I could almost see our younger selves running through the corridors, barefoot and loud, the sound of our footsteps echoing through the house like thunder. The kitchen window caught my eye, and I laughed softly to myself as a memory surfaced. That kitchen had survived my childhood cooking experiments more times than it probably deserved. There were moments when I had come dangerously close to burning the entire place down, smoke filling the air while I stood there pretending I had everything under control. Somehow the house endured me.
Growth truly is a frightening thing.
Not because we notice it while it is happening, but because one day we return to the places that raised us and realize we no longer fit inside them the way we used to. The walls that once felt enormous now feel close together. The spaces that once felt endless now seem small enough to cross in a few steps. It is not the house that has changed nearly as much as we have.
As I walked around the compound, memories rose up like waves breaking against the shore of my mind. I could see my brothers running ahead of me, hear the sound of our feet slapping against the ground as we chased each other endlessly around the yard. Those days had felt like they would last forever. Time moved slower back then, stretching long and wide like an afternoon that refused to end.
One memory arrived clearer than the others, sharp and chaotic like a scene from a film that had never quite faded. One of my cousins had been chasing his brother across the compound with a cutlass in his hand. Even now I cannot remember what started the fight, only the wild look on his face and the terrified laughter of the one being chased. It had been both ridiculous and frightening, the kind of madness that somehow made perfect sense in the reckless world of childhood.
Another memory followed close behind it, one that my body still remembered more vividly than my mind. I stopped walking when I reached the exact spot where it had happened. I found myself standing there without realizing it, staring at the patch of ground where it had happened.
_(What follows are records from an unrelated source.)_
Lemma cong_app_r {a m b : Ob P} (q : list (Gen P)) {l l' : list (Gen P)} :
  congruent P a m l l' -> valid P m q b -> congruent P a b (l ++ q) (l' ++ q).
Proof.
  intros H Hq; induction H as [l l' [r p p' Hp Hp' Hl Hr]| | |].
  - rewrite <- !app_assoc; apply rst_step, step_intro; auto.
    eapply valid_app; eauto.
  - apply rst_refl.
  - apply rst_sym; auto.
  - eapply rst_trans; eauto.
Qed.

Lemma cong_app_l {a m b : Ob P} (p : list (Gen P)) {l l' : list (Gen P)} :
  valid P a p m -> congruent P m b l l' -> congruent P a b (p ++ l) (p ++ l').
Proof.
  intros Hp H; induction H as [l l' [r p0 q Hp0 Hq Hl Hr]| | |].
  - rewrite (app_assoc p p0), (app_assoc p p0); apply rst_step, step_intro; auto.
    eapply valid_app; eauto.
  - apply rst_refl.
  - apply rst_sym; auto.
  - eapply rst_trans; eauto.
Qed.

Lemma clique_congruent (HP : is_clique P) {a b : Ob P} {l1 l2 : list (Gen P)} :
  valid P a l1 b -> valid P a l2 b -> congruent P a b l1 l2.
Proof. exact (proj2 (proj2 HP a b) l1 l2). Qed.

Definition clique_path (HP : is_clique P) (a b : Ob P) : list (Gen P) :=
  proj1_sig (constructive_indefinite_description _ (proj1 (proj2 HP a b))).

Lemma clique_path_valid (HP : is_clique P) (a b : Ob P) :
  valid P a (clique_path HP a b) b.
Proof. unfold clique_path; apply proj2_sig. Qed.

End Paths.

Section Morphism.
Variables (P Q : presentation) (fo : Ob P -> Ob Q) (fg : Gen P -> Gen Q)
          (fr : Rel P -> Rel Q).
Hypothesis fg_src : forall g, gsrc Q (fg g) = fo (gsrc P g).
Hypothesis fg_tgt : forall g, gtgt Q (fg g) = fo (gtgt P g).
Hypothesis fr_src : forall r, rsrc Q (fr r) = fo (rsrc P r).
Hypothesis fr_tgt : forall r, rtgt Q (fr r) = fo (rtgt P r).
Hypothesis fr_lhs : forall r, rlhs Q (fr r) = map fg (rlhs P r).
Hypothesis fr_rhs : forall r, rrhs Q (fr r) = map fg (rrhs P r).

Lemma map_valid (l : list (Gen P)) (a b : Ob P) :
  valid P a l b -> valid Q (fo a) (map fg l) (fo b).
Proof.
  revert a; induction l as [|g l IH]; simpl; intros a H.
  - subst; reflexivity.
  - destruct H as [Hs Hv]; split.
    + rewrite fg_src; congruence.
    + rewrite fg_tgt; auto.
Qed.

Lemma map_congruent (a b : Ob P) (l1 l2 : list (Gen P)) :
  congruent P a b l1 l2 -> congruent Q (fo a) (fo b) (map fg l1) (map fg l2).
Proof.
  intro H; induction H as [l1 l2 [r p q Hp Hq Hl Hr]| | |].
  - rewrite !map_app, <- fr_lhs, <- fr_rhs; apply rst_step, step_intro.
    + rewrite fr_src; apply map_valid; auto.
    + rewrite fr_tgt; apply map_valid; auto.
    + rewrite fr_src, fr_tgt, fr_lhs; apply map_valid; auto.
    + rewrite fr_src, fr_tgt, fr_rhs; apply map_valid; auto.
  - apply rst_refl.
  - apply rst_sym; auto.
  - eapply rst_trans; eauto.
Qed.

End Morphism.

Section Gluing.
Variables (C D : presentation) (OC : Ob C -> Prop) (GC : Gen C -> Prop)
          (GD : Gen D -> Prop) (alpha : Ob C -> Ob D) (beta : Gen C -> Gen D).

Local Notation G := (Gpres C D OC GC alpha beta).
Local Notation iO := (iOb C D OC alpha).
Local Notation iG := (iGen C D GC beta).
Local Notation GOb := (GOb C D OC).

Hypothesis GC_in : forall g, GC g -> OC (gsrc C g) /\ OC (gtgt C g).
Hypothesis compat : forall g, GC g ->
  gsrc D (beta g) = alpha (gsrc C g) /\ gtgt D (beta g) = alpha (gtgt C g).

Lemma iOb_in {x : Ob C} : OC x -> iO x = inr (alpha x).
Proof.
  intro Hx; unfold iOb; destruct excluded_middle_informative; [reflexivity | contradiction].
Qed.

Lemma iOb_out {x : Ob C} (n : ~ OC x) : iO x = inl (exist _ x n).
Proof.
  unfold iOb; destruct excluded_middle_informative as [|n']; [contradiction|].
  rewrite (proof_irrelevance _ n' n); reflexivity.
Qed.

Lemma iGen_in {g : Gen C} : GC g -> iG g = inr (beta g).
Proof.
  intro Hg; unfold iGen; destruct excluded_middle_informative; [reflexivity | contradiction].
Qed.

Lemma iGen_out {g : Gen C} (n : ~ GC g) : iG g = inl (exist _ g n).
Proof.
  unfold iGen; destruct excluded_middle_informative as [|n']; [contradiction|].
  rewrite (proof_irrelevance _ n' n); reflexivity.
Qed.

Lemma iGen_src (g : Gen C) : gsrc G (iG g) = iO (gsrc C g).
Proof.
  destruct (excluded_middle_informative (GC g)) as [Hg|n].
  - rewrite iGen_in by exact Hg; simpl.
    rewrite (proj1 (compat g Hg)), iOb_in by exact (proj1 (GC_in g Hg)); reflexivity.
  - rewrite (iGen_out n); reflexivity.
Qed.

Lemma iGen_tgt (g : Gen C) : gtgt G (iG g) = iO (gtgt C g).
Proof.
  destruct (excluded_middle_informative (GC g)) as [Hg|n].
  - rewrite iGen_in by exact Hg; simpl.
    rewrite (proj2 (compat g Hg)), iOb_in by exact (proj2 (GC_in g Hg)); reflexivity.
  - rewrite (iGen_out n); reflexivity.
Qed.

Lemma embedC_valid {l : list (Gen C)} {a b : Ob C} :
  valid C a l b -> valid G (iO a) (map iG l) (iO b).
Proof. apply map_valid; [exact iGen_src | exact iGen_tgt]. Qed.

Lemma embedC_congruent {a b : Ob C} {l1 l2 : list (Gen C)} :
  congruent C a b l1 l2 -> congruent G (iO a) (iO b) (map iG l1) (map iG l2).
Proof.
  apply (map_congruent C G iO iG inl iGen_src iGen_tgt); reflexivity.
Qed.

Lemma embedD_valid {l : list (Gen D)} {a b : Ob D} :
  valid D a l b -> valid G (inr a) (map inr l) (inr b).
Proof. apply map_valid; reflexivity. Qed.

Lemma embedD_congruent {a b : Ob D} {l1 l2 : list (Gen D)} :
  congruent D a b l1 l2 -> congruent G (inr a) (inr b) (map inr l1) (map inr l2).
Proof. apply (map_congruent D G inr inr inr); reflexivity. Qed.

(* Injectivity of alpha and surjectivity of beta let G_D-paths lift to C. *)
Hypothesis alpha_inj : forall x y, OC x -> OC y -> alpha x = alpha y -> x = y.
Hypothesis beta_surj : forall h, GD h -> exists g, GC g /\ beta g = h.

Lemma lift_generated_path {l : list (Gen D)} {a b : Ob C} :
  Forall GD l -> OC a -> OC b -> valid D (alpha a) l (alpha b) ->
  exists lc, valid C a lc b /\ map iG lc = map inr l.
Proof.
  revert a; induction l as [|h l IH]; intros a HF Ha Hb Hv.
  - exists []; split; [apply alpha_inj; auto | reflexivity].
  - inversion HF as [|? ? Hh HF']; subst.
    destruct (beta_surj h Hh) as [g [Hg <-]].
    destruct Hv as [Hsrc Hv]; destruct (compat g Hg) as [Hgs Hgt].
    rewrite Hgt in Hv.
    destruct (IH (gtgt C g) HF' (proj2 (GC_in g Hg)) Hb Hv) as [lc [Hlc Hmap]].
    exists (g :: lc); split.
    + split; [apply alpha_inj; auto; [apply GC_in; auto | congruence] | exact Hlc].
    + simpl; rewrite iGen_in, Hmap by exact Hg; reflexivity.
Qed.

Variable OD : Ob D -> Prop.
Hypothesis cliqueC : is_clique C.
Hypothesis alpha_maps : forall x, OC x -> OD (alpha x).
Hypothesis full : generated_sub_full D OD GD.

(* By fullness the D-path is congruent to one in G_D,
   which lifts to C, where all parallel paths are congruent. *)
Lemma D_path_congruent_C_path {a b : Ob C} {l : list (Gen D)} {c : list (Gen C)} :
  OC a -> OC b -> valid D (alpha a) l (alpha b) -> valid C a c b ->
  congruent G (inr (alpha a)) (inr (alpha b)) (map inr l) (map iG c).
Proof.
  intros Ha Hb Hl Hc.
  destruct (full _ _ (alpha_maps a Ha) (alpha_maps b Hb) _ Hl) as [l' [HF [Hl' Hll']]].
  destruct (lift_generated_path HF Ha Hb Hl') as [lc [Hlc Hmap]].
  eapply rst_trans; [exact (embedD_congruent Hll') |].
  rewrite <- Hmap, <- (iOb_in Ha), <- (iOb_in Hb).
  apply embedC_congruent, (clique_congruent cliqueC Hlc Hc).
Qed.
For a moment the years collapsed in on themselves. One of our own dogs had attacked me right there, teeth breaking through skin in a moment that had turned the entire world into panic and shouting. I could hear the barking again, feel the sudden panic, the blur of movement and pain. My body almost remembered before my mind did. The old wounds on my skin seemed to throb faintly, not with pain exactly, but with recognition, as if the scars themselves knew they had returned to the place where they were born.
It was strange standing there now.
I looked around the compound one last time and realized something strange. This house, this place that had once made me feel so small, so confined within its boundaries, no longer had that power over me. The walls were the same. The ground was the same. But I was not the same person who had once run through this yard.
The house had not shrunk.
I had simply grown beyond it.
And there was something beautiful and terrifying about that realization. Because growing up does not just mean getting taller or older. It means one day standing in the middle of the places that built you and realizing they no longer hold you the way they once did.
You carry them now instead.
In memories. In scars. In the quiet understanding that the child who once lived there still exists somewhere inside you, running endlessly through a compound that felt as wide as the world.